- Origin: Nottingham, England
- Years active: 1987–1991
- Labels: In-Tape Rough Trade

= Asphalt Ribbons =

English rock band

Asphalt Ribbons were an English rock band that formed in Nottingham in 1987.

The original line-up was Stuart Staples, Gaynor Backhouse, Gary Watt and Rob Howard. Dave Boulter (organ and accordion) replaced Rob Howard in 1989 and Will Carless (drums) also joined in 1989, just before they released their first EP, The Orchard, on the In-Tape label. Neil Fraser was yet also listed as author on the song "Over Again" in the liner notes of the EP. Tracks on The Orchard were "Over Again", "Red Sauce", "Greyhound" and "I Used to Live There". In-Tape also released a radio promo copy of "Over Again" in 1989.

Sounds listed them as a 'name for 1990' and in the same week Melody Maker was touting them as "the first new band of this year to make the indie/mainstream crossover".

During the course of 1990, Asphalt Ribbons became a six-piece, acquiring Craig Chettle (guitar). They also recorded Good Love, their second EP for In-Tape, which was produced by Jon Langford. The artwork for both EPs was by Wolfgang Buttress.

In 1991, the band relocated to London and shifted position again, this time to the pre-Tindersticks line-up featuring Stuart Staples (vocals), David Boulter (organ and accordion), Neil Fraser (guitar), Dickon Hinchliffe (guitar and strings), Al Macaulay (percussion and drums) and John Thompson (bass). They recorded "Tiger Lily" (1991), "Passion, Coolness, Indifference ..." (1991) and Old Horse (1991) for Rough Trade.

In 1992 a promotional video for "Downside" (ETT Records) was made.

It is known that the Asphalt Ribbons played live some early versions of songs, that later became Tindersticks songs, e.g. "For Those...", "A Sweet Sweet Man", "Blood", "Drunk Tank" and "Big Silence" (known as "Raindrops" in the Tindersticks repertoire).

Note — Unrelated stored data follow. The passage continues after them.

Lemma contv_mul F G : contv F -> contv G -> contv (fun v => F v * G v).
Proof.
move=> cF cG u eps eps0.
set A := Rabs (F u) + 1; set B := Rabs (G u) + 1.
have A0 : 0 < A by have := Rabs_pos (F u); rewrite /A; lra.
have B0 : 0 < B by have := Rabs_pos (G u); rewrite /B; lra.
set eF := eps / (2 * B); set eG := Rmin 1 (eps / (2 * A)).
have eF0 : 0 < eF by apply: Rdiv_lt_0_compat; lra.
have eG0 : 0 < eG by apply: Rmin_glb_lt; [lra | apply: Rdiv_lt_0_compat; lra].
have [dF [dF0 HF]] := cF u eF eF0.
have [dG [dG0 HG]] := cG u eG eG0.
exists (Rmin dF dG); split=> [|v uv]; first exact: Rmin_glb_lt.
have {}HF := HF v (fun i => Rlt_le_trans _ _ _ (uv i) (Rmin_l _ _)).
have {}HG := HG v (fun i => Rlt_le_trans _ _ _ (uv i) (Rmin_r _ _)).
have eG1 : eG <= 1 := Rmin_l _ _.
have eGA : A * eG <= eps / 2.
  have : A * (eps / (2 * A)) = eps / 2 by field; lra.
  have := Rmin_r 1 (eps / (2 * A)); rewrite -/eG; nra.
have eFB : eF * B = eps / 2 by rewrite /eF; field; lra.
have Gv : Rabs (G v) <= B.
  have := Rabs_triang_inv (G v) (G u); rewrite Rabs_minus_sym /B; lra.
have -> : F u * G u - F v * G v = (F u - F v) * G v + F u * (G u - G v) by ring.
apply: Rle_lt_trans (Rabs_triang _ _) _; rewrite !Rabs_mult.
have := Rabs_pos (F u - F v); have := Rabs_pos (G v).
have := Rabs_pos (F u); have := Rabs_pos (G u - G v).
have : Rabs (F u) <= A by rewrite /A; lra.
nra.
Qed.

Mark Colwill replaced John Thomson in the last days before Asphalt Ribbons became Tindersticks. Mark was recruited when John left but it is not sure if he played any gigs under the Asphalt Ribbons name. They then changed their name to Tindersticks after Stuart discovered a box of German matches on a Greek beach.

Their sound is more country-influenced than Tindersticks, but already features the distinctive vocals of Stuart Staples.

==Discography==
===Albums===
- Old Horse (1991, Rough Trade)

===Singles and EPs===
- The Orchard E.P. (1989, In-Tape)
- Good Love (1990, In-Tape)
- Passion, Coolness, Indifference, Boredom, Mockery, Contempt, Disgust An E.P. (1991, Tiger Lily)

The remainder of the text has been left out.